實際上，多維度資料模型和強大的查詢語言這兩個特性，正是時序資料庫所要求的，所以 Prometheus 不僅僅是一個監控系統，同時也是一個時序資料庫。那為什麼 Prometheus 不直接使用現有的時序資料庫作為後端儲存呢？這是因為 SoundCloud 不僅希望他們的監控系統有著時序資料庫的特點，而且還需要部署和維護非常方便。縱觀比較流行的時序資料庫（參見下面的附錄），他們要麼元件太多，要麼外部依賴繁重，比如：Druid 有 Historical、MiddleManager、Broker、Coordinator、Overlord、Router 一堆的元件，而且還依賴於 ZooKeeper、Deep storage（HDFS 或 S3 等），Metadata store（PostgreSQL 或 MySQL），部署和維護起來成本非常高。而 Prometheus 採用去中心化架構，可以獨立部署，不依賴於外部的分散式儲存，你可以在幾分鐘的時間裡就可以搭建出一套監控系統。

此外，Prometheus 資料採集方式也非常靈活。要採集目標的監控資料，首先需要在目標處安裝資料採集元件，這被稱之為 Exporter，它會在目標處收集監控資料，並暴露出一個 HTTP 介面供 Prometheus 查詢，Prometheus 通過 Pull 的方式來採集資料，這和傳統的 Push 模式不同。不過 Prometheus 也提供了一種方式來支援 Push 模式，你可以將你的資料推播到 Push Gateway，Prometheus 通過 Pull 的方式從 Push Gateway 獲取資料。目前的 Exporter 已經可以採集絕大多數的第三方資料，比如 Docker、HAProxy、StatsD、JMX 等等，官網有一份 Exporter 的列表。

除了這四大特性，隨著 Prometheus 的不斷髮展，開始支援越來越多的高階特性，比如：服務發現，更豐富的圖表展示，使用外部儲存，強大的告警規則和多樣的通知方式。下圖是 Prometheus 的整體架構圖（圖片來源）：

從上圖可以看出，Prometheus 生態系統包含了幾個關鍵的元件：Prometheus server、Pushgateway、Alertmanager、Web UI 等，但是大多陣列件都不是必需的，其中最核心的元件當然是 Prometheus server，它負責收集和儲存指標資料，支援表示式查詢，和告警的生成。接下來我們就來安裝 Prometheus server。

二、安裝 Prometheus server

Prometheus 可以支援多種安裝方式，包括 Docker、Ansible、Chef、Puppet、Saltstack 等。下面介紹最簡單的兩種方式，一種是直接使用編譯好的可執行檔案，開箱即用，另一種是使用 Docker 映象，更多的安裝方式可以參考這裡。

2.1 開箱即用

首先從官網的下載頁面獲取 Prometheus 的最新版本和下載地址，目前最新版本是 2.4.3（2018年10月），執行下面的命令下載並解壓：

$ wget [https://github.com/prometheus/prometheus/releases/download/v2.4.3/prometheus-2.4.3.linux-amd64.tar.gz](https://github.com/prometheus/prometheus/releases/download/v2.4.3/prometheus-2.4.3.linux-amd64.tar.gz)

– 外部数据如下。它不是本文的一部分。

(* Let $G$ be a group and $A=\bigoplus_{g\in G}A_g$ a $G$-graded associative unital $k$-algebra (so $A_gA_h\subseteq A_{gh}$). For $g\in G$ let $\pi_g:A\to A_g$ be the projection onto the $g$-component, and let $B$ be the subalgebra of $\mathrm{End}_k(A)$ generated by $L(A)\cup\{\pi_g: g\in G\}$. Then $A$ is a critically compressible left $B$-module if and only if $A_e$ ($e$ the neutral element of $G$) is a left Ore domain and $A_e$ is large in $A$.
   Context: $L(A)=\{L_a:a\in A\}$, $L_a(x)=ax$; $A$ is a left $B$-module via $\varphi\cdot a=\varphi(a)$, whose submodules are the graded left ideals of $A$; $\mathrm{End}_B(A)\cong A_e$. $A_e$ is large in $A$ if $A_e\cap I\neq0$ for every nonzero graded left ideal $I$ of $A$. A left Ore domain is a domain $S$ with $Sa\cap Sb\neq0$ for nonzero $a,b$. A nonzero module is critically compressible if it embeds into each of its nonzero submodules and into none of its factor modules $M/N$ with $N\neq0$. *)

From HB Require Import structures.
From mathcomp Require Import all_boot all_order all_algebra.
Set Implicit Arguments. Unset Strict Implicit. Unset Printing Implicit Defensive.
Import GRing.Theory.
Local Open Scope ring_scope.

(* The G-grading A = (+)_{g in G} A_g is given by the family of
   projections pi g : A -> A_g ⊆ A; the homogeneous component A_g is
   {x | pi g x = x}. *)

Definition homog (k : fieldType) (A : algType k) (G : groupType)
  (pi : G -> A -> A) (g : G) (x : A) : Prop := pi g x = x.
(* Let $\epsilon>0$ and let $G=(S,B,E)$ be a bipartite graph with weights $w:S\to\mathbb{R}_+$ and a fixed arrival order of $B$. Run $\epsilon$-\textsc{Ranking} with independent uniform samples $x_j\in[0,1]$, $j\in S$. Then for every edge $\{i,j\}\in E$ with $i\in B$, $j\in S$, \[ \mathbb{E}[r_j+u_i]\ge\left(1-\frac{1}{e}-\epsilon\right)w_j. \]
   Context: $\epsilon$-\textsc{Ranking}: for each $j\in S$ sample independently a uniformly random $x_j\in[0,1]$; when buyer $i$ arrives (revealing $N(i)\subseteq S$), match $i$ to an unmatched $j\in N(i)$ maximizing $w_j(1-e^{x_j-1-\epsilon})$ (leave $i$ unmatched if none exists). Revenue: $r_j=w_je^{x_j-1-\epsilon}$ if $j$ is matched at the end, and $r_j=0$ otherwise. Utility: $u_i=w_j(1-e^{x_j-1-\epsilon})$ if buyer $i$ is matched to $j$, and $u_i=0$ if $i$ is unmatched. *)

From HB Require Import structures.
From mathcomp Require Import all_boot all_order all_algebra.
From mathcomp Require Import all_classical all_reals all_analysis.
Set Implicit Arguments. Unset Strict Implicit. Unset Printing Implicit Defensive.
Import Order.TTheory GRing.Theory Num.Theory.
Local Open Scope ring_scope.
Local Open Scope classical_set_scope.

(* epsilon-Ranking on a bipartite graph with item side S (finType) and buyer
   side 'I_n (buyers arrive in the order 0, 1, ..., n-1). *)

Section Ranking.
Variables (R : realType) (S : finType) (n : nat).
Variables (E : 'I_n -> S -> bool) (w : S -> R) (eps : R) (x : S -> R).

Definition rk_val (j : S) : R := w j * (1 - expR (x j - 1 - eps)).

$ tar xvfz prometheus-2.4.3.linux-amd64.tar.gz

然後切換到解壓目錄，檢查 Prometheus 版本：

$ cd prometheus-2.4.3.linux-amd64

$ ./prometheus --version

prometheus, version 2.4.3 (branch: HEAD, revision: 167a4b4e73a8eca8df648d2d2043e21bdb9a7449)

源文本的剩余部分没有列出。